Lelaki itu buru-buru menunjukkan jalan menuju ladang yang dia maksud.
Sakha mengikutinya di belakang. Saat mereka sampai di ladang, terik sinar matahari semakin terasa menyengat. Di tengah ladang yang ditumbuhi jagung itu, berkumpul beberapa orang yang juga merupakan pekerja tani yang bekerja di ladang Sakha, mereka tampak mengerumuni sesuatu.
"Hei, minggir-minggir! Ini Tuan Sakha sudah saya panggilkan," seru lelaki yang tadi melapor.
Lantas semua pasang mata tertuju pada Sakha yang berjalan mendekat, beberapa mata menatapnya terkejut.
"Pak Ji! Kenapa manggil Tuan Sakha? Kamu ini, merepotkan saja! Tau ini siang bolong begini!" omel Inah, memukul pelan bahu Parji, lelaki itu masih ngos-ngosan, sibuk mengatur napasnya.
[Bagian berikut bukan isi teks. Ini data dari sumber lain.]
Lemma neg_left_of_nonpos (t : R) : a <= t -> f t <= 0 ->
  exists d, 0 < d /\ forall s, t - d < s < t -> f s < 0.
Proof.
  intros Ht Hft. destruct (Rle_lt_or_eq_dec _ _ Hft) as [Hneg|Hzero].
  - destruct (continuity_pt_pos_locally (fun s => - f s) t) as [d [Hd Hs]]; [|lra|].
    { apply continuity_pt_opp, ex_derive_continuity_pt. eexists. apply f_deriv, Ht. }
    exists d. split; [exact Hd|]. intros s Hst.
    specialize (Hs s ltac:(rewrite Rabs_left; lra)). lra.
  - destruct (is_derive_pos_crossing f t (df t)) as [d [Hd Hs]]; auto.
    exists d. split; [exact Hd|]. intros s Hst.
    specialize (Hs s ltac:(rewrite Rabs_left; lra)). rewrite Hzero in Hs. nra.
Qed.

Lemma pos_of_nonneg_start : 0 <= f a -> forall b, a < b -> 0 < f b.
Proof.
  intros Hfa b Hab. apply Rnot_le_lt. intros Hfb.
  set (E := fun t => a <= t <= b /\ forall s, a < s <= t -> 0 < f s).
  destruct (completeness E) as [m [Hub Hlub]].
  { exists b. intros t [Ht _]. lra. }
  { exists a. split; [lra|]. intros s Hs. lra. }
  assert (Ham : a <= m) by (apply Hub; split; [lra|]; intros s Hs; lra).
  assert (Hmb : m <= b) by (apply Hlub; intros t [Ht _]; lra).
  assert (Hbefore : forall s, a < s < m -> 0 < f s).
  { intros s Hs. destruct (classic (exists t, E t /\ s <= t)) as [[t [[_ Ht] Hst]]|Hn].
    - apply Ht. lra.
    - assert (m <= s); [|lra]. apply Hlub. intros t Et.
      apply Rnot_lt_le. intros Hst. apply Hn. exists t. split; [exact Et|lra]. }
  assert (Hfm : a < m -> 0 < f m).
  { intros Hlt. apply Rnot_le_lt. intros Hfm.
    destruct (neg_left_of_nonpos m Ham Hfm) as [d [Hd Hs]].
    set (s := m - Rmin d (m - a) / 2).
    assert (0 < Rmin d (m - a)) by (apply Rmin_pos; lra).
    pose proof (Rmin_l d (m - a)). pose proof (Rmin_r d (m - a)).
    specialize (Hs s ltac:(unfold s; lra)). specialize (Hbefore s ltac:(unfold s; lra)). lra. }
  assert (Hm_lt_b : m < b).
  { destruct (Rle_lt_or_eq_dec _ _ Hmb) as [?|Heq]; [assumption|].
    subst m. specialize (Hfm Hab). lra. }
  destruct (pos_right_of_nonneg m Ham) as [d [Hd Hafter]].
  { destruct (Rle_lt_or_eq_dec _ _ Ham) as [Hlt|<-]; [apply Rlt_le, Hfm, Hlt|exact Hfa]. }
  set (t := m + Rmin d (b - m) / 2).
  assert (0 < Rmin d (b - m)) by (apply Rmin_pos; lra).
  pose proof (Rmin_l d (b - m)). pose proof (Rmin_r d (b - m)).
  assert (Et : E t).
  { split; [unfold t; lra|]. intros s Hs.
    destruct (Rtotal_order s m) as [Hsm|[->|Hms]].
    - apply Hbefore. lra.
    - apply Hfm. lra.
    - apply Hafter. unfold t in Hs. lra. }
  specialize (Hub t Et). unfold t in Hub. lra.
Qed.

End UpcrossingZeros.

Lemma is_derive_ge_growth (f df : R -> R) (k a b : R) : a <= b ->
  (forall t, a <= t <= b -> is_derive f t (df t)) ->
  (forall t, a <= t <= b -> k <= df t) ->
  f a + k * (b - a) <= f b.
Proof.
  intros Hab Hd Hk. destruct (Rle_lt_or_eq_dec _ _ Hab) as [Hlt|<-]; [|lra].
  destruct (MVT_cor3 f df a b Hlt) as [c [Hac [Hcb ->]]].
  { intros t Hat Htb. apply is_derive_Reals, Hd. lra. }
  specialize (Hk c ltac:(lra)). nra.
Qed.

Lemma nondecr_unbounded_is_lim (f : R -> R) (a : R) :
  (forall s t, a <= s <= t -> f s <= f t) ->
  (forall M, exists t, a <= t /\ M < f t) ->
  is_lim f p_infty p_infty.
Proof.
  intros Hmono Hunb. apply is_lim_spec. intros M.
  destruct (Hunb M) as [t [Hat HMt]]. exists t. intros s Hts.
  specialize (Hmono t s ltac:(lra)). lra.
Qed.

Definition cvg_unif_on_compacts (fv : R -> R -> R) (f : R -> R) : Prop :=
  forall a b eps, 0 < eps -> exists V, forall v z,
    V <= v -> a <= z <= b -> Rabs (fv v z - f z) < eps.

Lemma cvg_unif_continuity_pt (fv : R -> R -> R) (f : R -> R) (y : R) :
  cvg_unif_on_compacts fv f -> (forall v, continuity_pt (fv v) y) ->
  continuity_pt f y.
Proof.
  intros Hcvg Hcont. apply continuity_pt_locally. intros eps.
  assert (He3 : 0 < eps / 3) by (pose proof (cond_pos eps); lra).
  destruct (Hcvg (y - 1) (y + 1) (eps / 3) He3) as [V HV].
  assert (Hnear : locally y (fun u => Rabs (u - y) < 1)).
  { exact (proj1 (continuity_pt_locally id y) (continuity_pt_id y) (mkposreal 1 Rlt_0_1)). }
  assert (HfV := proj1 (continuity_pt_locally (fv V) y) (Hcont V) (mkposreal _ He3)).
  refine (filter_imp _ _ _ (filter_and _ _ Hnear HfV)).
  intros u [Huy Hu]. simpl in Hu. apply Rabs_lt_between in Huy.
  assert (H1 := HV V u (Rle_refl V) ltac:(lra)).
  assert (H2 := HV V y (Rle_refl V) ltac:(lra)).
  apply Rabs_lt_between in Hu. apply Rabs_lt_between in H1.
  apply Rabs_lt_between in H2. apply Rabs_lt_between. lra.
Qed.

Lemma cvg_unif_eventually_ge (fv : R -> R -> R) (f : R -> R) (a b : R) :
  cvg_unif_on_compacts fv f -> a <= b ->
  (forall z, a <= z <= b -> continuity_pt f z) ->
  (forall z, a <= z <= b -> 0 < f z) ->
  exists c V, 0 < c /\ forall v z, V <= v -> a <= z <= b -> c <= fv v z.
Proof.
  intros Hcvg Hab Hcont Hpos.
  destruct (continuity_ab_min f a b Hab Hcont) as [zmin [Hmin Hzmin]].
  specialize (Hpos zmin Hzmin).
  destruct (Hcvg a b (f zmin / 2)) as [V HV]; [lra|].
  exists (f zmin / 2), V. split; [lra|]. intros v z Hv Hz.
  specialize (HV v z Hv Hz). specialize (Hmin z Hz).
  apply Rabs_lt_between in HV. lra.
Qed.

Definition outgoing_rhs (h : R -> R -> R) (xp xm : R -> R) (v y : R) : R :=
  / 2 * h v y * (y - xp v) * (y - xm v).

Section OutgoingNullGeodesic.

Variables (h : R -> R -> R) (hinf : R -> R) (xo : R) (xp xm dxp x : R -> R) (v0 : R).
Hypothesis xo_lt_xm : forall v, xo < xm v.
Hypothesis xm_lt_xp : forall v, xm v < xp v.
Hypothesis h_pos : forall v y, xo < y -> 0 < h v y.
Hypothesis xp_deriv : forall v, is_derive xp v (dxp v).
Hypothesis dxp_neg : forall v, dxp v < 0.
Hypothesis x_deriv : forall v, v0 <= v -> is_derive x v (outgoing_rhs h xp xm v (x v)).
Hypothesis x_init : xp v0 <= x v0.

Lemma gap_deriv (v : R) : v0 <= v ->
  is_derive (fun v => x v - xp v) v (outgoing_rhs h xp xm v (x v) - dxp v).
Proof. intros Hv. apply (is_derive_minus x xp); auto. Qed.

Lemma xp_lt_x (v : R) : v0 < v -> xp v < x v.
Proof.
  intros Hv. cut (0 < x v - xp v); [lra|].
  apply (pos_of_nonneg_start _ _ v0 gap_deriv); [|lra|exact Hv].
  intros t _ Hzero. unfold outgoing_rhs.
  replace (x t - xp t) with 0 by lra. specialize (dxp_neg t). lra.
Qed.

Lemma xp_le_x (v : R) : v0 <= v -> xp v <= x v.
Proof.
  intros Hv. destruct (Rle_lt_or_eq_dec _ _ Hv) as [Hlt|<-]; [|exact x_init].
  apply Rlt_le, xp_lt_x, Hlt.
Qed.

Lemma outgoing_rhs_nonneg (v : R) : v0 <= v -> 0 <= outgoing_rhs h xp xm v (x v).
Proof.
  intros Hv. pose proof (xp_le_x v Hv). pose proof (xm_lt_xp v).
  pose proof (h_pos v (x v) ltac:(specialize (xo_lt_xm v); lra)).
  unfold outgoing_rhs. apply Rmult_le_pos; [|lra].
  apply Rmult_le_pos; [|lra]. apply Rmult_le_pos; lra.
Qed.

Lemma x_nondecr (s t : R) : v0 <= s <= t -> x s <= x t.
Proof.
  intros Hst. cut (x s + 0 * (t - s) <= x t); [lra|].
  apply is_derive_ge_growth with (df := fun v => outgoing_rhs h xp xm v (x v)); [lra| |].
  - intros u Hu. apply x_deriv. lra.
  - intros u Hu. apply outgoing_rhs_nonneg. lra.
Qed.

Lemma gap_nondecr (s t : R) : v0 <= s <= t -> x s - xp s <= x t - xp t.
Proof.
  intros Hst. cut (x s - xp s + 0 * (t - s) <= x t - xp t); [lra|].
  apply (is_derive_ge_growth (fun v => x v - xp v)
           (fun v => outgoing_rhs h xp xm v (x v) - dxp v)); [lra| |].
  - intros u Hu. apply gap_deriv. lra.
  - intros u Hu. pose proof (outgoing_rhs_nonneg u ltac:(lra)). pose proof (dxp_neg u). lra.
Qed.

Hypothesis h_cont : forall v y, continuity_pt (h v) y.
Hypothesis h_cvg : cvg_unif_on_compacts h hinf.
Hypothesis hinf_pos : forall y, xo < y -> 0 < hinf y.

Lemma x_unbounded (M : R) : exists v, v0 <= v /\ M < x v.
Proof.
  apply NNPP. intros Hbounded.
  assert (x_le_M : forall v, v0 <= v -> x v <= M).
  { intros v Hv. apply Rnot_lt_le. intros HMv. apply Hbounded. exists v. auto. }
  set (v1 := v0 + 1). set (g := x v1 - xp v1).
  assert (Hg : 0 < g) by (unfold g; pose proof (xp_lt_x v1 ltac:(unfold v1; lra)); lra).
  assert (Hxo : xo < x v1)
    by (pose proof (xo_lt_xm v1); pose proof (xm_lt_xp v1); unfold g in Hg; lra).
  destruct (cvg_unif_eventually_ge h hinf (x v1) M h_cvg) as [c [V [Hc Hh]]].
  - apply x_le_M. unfold v1. lra.
  - intros z _. apply (cvg_unif_continuity_pt h hinf z h_cvg). intros v. apply h_cont.
  - intros z Hz. apply hinf_pos. lra.
  - set (W := Rmax v1 V). set (k := / 2 * c * g * g).
    assert (HW1 : v1 <= W) by apply Rmax_l. assert (HW2 : V <= W) by apply Rmax_r.
    assert (Hk : 0 < k)
      by (unfold k; assert (0 < c * g * g) by (apply Rmult_lt_0_compat; nra); lra).
    assert (rhs_ge_k : forall v, W <= v -> k <= outgoing_rhs h xp xm v (x v)).
    { intros v Hv.
      assert (Hgap : g <= x v - xp v) by (apply gap_nondecr; unfold v1 in *; lra).
      assert (Hhv : c <= h v (x v)).
      { apply Hh; [lra|]. split; [apply x_nondecr|apply x_le_M]; unfold v1 in *; lra. }
      pose proof (xm_lt_xp v). unfold k, outgoing_rhs.
      apply Rmult_le_compat; try lra.
      - apply Rmult_le_pos; [apply Rmult_le_pos|]; lra.
      - apply Rmult_le_compat; [lra|lra| |lra]. apply Rmult_le_compat; lra. }
    set (v := W + (M - x W) / k + 1).
    assert (HxW : x W <= M) by (apply x_le_M; unfold v1 in *; lra).
    assert (HWv : W <= v) by (unfold v; assert (0 <= (M - x W) / k)
                                by (apply Rdiv_le_0_compat; lra); lra).
    assert (Hgrowth : x W + k * (v - W) <= x v).
    { apply (is_derive_ge_growth x (fun v => outgoing_rhs h xp xm v (x v))); [exact HWv| |].
      - intros u Hu. apply x_deriv. unfold v1 in *; lra.
      - intros u Hu. apply rhs_ge_k. lra. }
    assert (k * (v - W) = M - x W + k) by (unfold v; field; lra).
    pose proof (x_le_M v ltac:(unfold v1 in *; lra)). lra.
Qed.

Lemma x_escapes : is_lim x p_infty p_infty.
Proof. exact (nondecr_unbounded_is_lim x v0 x_nondecr x_unbounded). Qed.

End OutgoingNullGeodesic.

Theorem lemma1
  (A F : R -> R -> R) (rp rm : R -> R) (rc : R) (hinf : R -> R)
  (* smoothness in r of A and F *)
  (HAsm : forall v n r, ex_derive_n (fun s => A v s) n r)
  (HFsm : forall v n r, ex_derive_n (fun s => F v s) n r)
  (* positivity *)
  (HApos : forall v r, 0 <= r -> 0 < A v r)
  (HFpos : forall v r, 0 <= r -> 0 < F v r)
  (* exactly two apparent horizons 0 < r_- < r_+ *)
  (Hrm : forall v, 0 < rm v)
  (Hrmp : forall v, rm v < rp v)
  (* asymptotics as r -> oo *)
  (HfInf : forall v, is_lim (fun r => fmet F rp rm v r) p_infty 1)
  (HAInf : forall v, is_lim (fun r => A v r) p_infty 1)
  (* regularity at the center *)
  (Hf0 : forall v, fmet F rp rm v 0 = 1)
  (Hf0' : forall v, is_derive (fun r => fmet F rp rm v r) 0 0)
  (HA0' : forall v, is_derive (fun r => A v r) 0 0)
  (* d r_+/dv < 0 *)
  (Hrpd : forall v, ex_derive rp v /\ Derive rp v < 0)
  (* r_+-, r_- -> r_c as v -> oo *)
  (Hrplim : is_lim rp p_infty rc)
  (Hrmlim : is_lim rm p_infty rc)
  (* the sign of d r_-/dv is constant *)
  (Hrmd : forall v, ex_derive rm v)
  (Hrmsign : (forall v, 0 < Derive rm v) \/ (forall v, Derive rm v = 0)
             \/ (forall v, Derive rm v < 0))
  (* v -> oo limit of h: all r-derivatives converge ... *)
  (HhlimN : forall n x,
      is_lim (fun v => Derive_n (fun y => hfun A F rc v y) n x) p_infty
             (Derive_n hinf n x))
  (* ... locally uniformly (the limit behaves as an analytic function) *)
  (Hhunif : forall a b eps, 0 < eps -> exists V, forall v x,
      V <= v -> a <= x <= b -> Rabs (hfun A F rc v x - hinf x) < eps)
  (* the limit h(oo, x) is still positive in the region r > 0 *)
  (Hhinfpos : forall x, - rc < x -> 0 < hinf x)
  (* a radially outgoing null geodesic x(v), v >= v0 *)
  (x : R -> R) (v0 : R)
  (Hgeo : forall v, v0 <= v ->
      is_derive x v
        (/ 2 * hfun A F rc v (x v) * (x v - (rp v - rc)) * (x v - (rm v - rc))))
  (* initially outside or on the outer AH *)
  (Hinit : rp v0 - rc <= x v0) :
  (forall v, v0 < v -> rp v - rc < x v) /\ is_lim x p_infty p_infty.
Proof.
  assert (xp_deriv : forall v, is_derive (fun v => rp v - rc) v (Derive rp v)).
  { intros v. rewrite <- (Rminus_0_r (Derive rp v)).
    apply (is_derive_minus rp (fun _ => rc)); [apply Derive_correct, Hrpd|].
    exact (is_derive_const (K := R_AbsRing) (V := R_NormedModule) rc v). }
  assert (h_pos : forall v y, - rc < y -> 0 < hfun A F rc v y).
  { intros v y Hy. apply Rmult_lt_0_compat; [apply HApos|apply HFpos]; lra. }
  assert (h_cont : forall v y, continuity_pt (hfun A F rc v) y).
  { intros v y. apply ex_derive_continuity_pt, ex_derive_mult.
    - apply (ex_derive_comp (A v) (fun y => y + rc)); [exact (HAsm v 1%nat _)|auto_derive; auto].
    - apply (ex_derive_comp (F v) (fun y => y + rc)); [exact (HFsm v 1%nat _)|auto_derive; auto]. }
  assert (xo_lt_xm : forall v, - rc < rm v - rc) by (intros v; specialize (Hrm v); lra).
  assert (xm_lt_xp : forall v, rm v - rc < rp v - rc) by (intros v; specialize (Hrmp v); lra).
  assert (dxp_neg : forall v, Derive rp v < 0) by (intros v; apply Hrpd).
  split.
  - intros v.
    apply xp_lt_x with (h := hfun A F rc) (xp := fun v => rp v - rc)
      (xm := fun v => rm v - rc) (dxp := Derive rp) (v0 := v0); assumption.
  - apply x_escapes with (h := hfun A F rc) (hinf := hinf) (xo := - rc)
      (xp := fun v => rp v - rc) (xm := fun v => rm v - rc) (dxp := Derive rp) (v0 := v0);
      assumption.
Qed.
"Habisnya... kasihan Ririn. Daripada membiarkannya di sini, panas-panasan, yang ada keadaannya malah makin memburuk, lebih baik kita panggil Tuan Sakha. Lagipula itu sudah menjadi salah satu tanggung jawabnya untuk memastikan kesehatan dan keselamatan pekerjanya," Parji membalas ucapan Inah dengan suara pelan.
Tepat setelah itu, Sakha sampai di dekat mereka dan langsung menatap ke bawah, ke seorang perempuan yang dibaringkan di atas tikar lusuh, cahaya matahari menerpanya, wajahnya pucat dan berkeringat deras, keningnya berkerut-kerut seperti seseorang yang kesakitan.
"Bagaimana ini, Tuan? Rumahnya lumayan jauh dari sini, kita ndak tahu bagaimana harus membawanya pulang," kata Parji.
Tanpa pikir panjang, Sakha menjawab, "Biar saya yang bawa dia."
Jawaban itulah yang para pekerjanya tunggu, jelas terlihat dari kelegaan di wajah mereka sesaat setelah Sakha mengatakan demikian.
Sakha berjongkok, menatap wajah perempuan itu untuk beberapa saat. Dia tampak lusuh sekali, pikir Sakha. Bajunya itu dulu pasti berwarna putih, tapi sekarang sudah cokelat dan ujungnya sedikit sobek. Dari lipatan pakaiannya, Sakha menduga dia mengenakan beberapa lapis pakaian. Wajah perempuan itu juga kotor karena debu dan pucat.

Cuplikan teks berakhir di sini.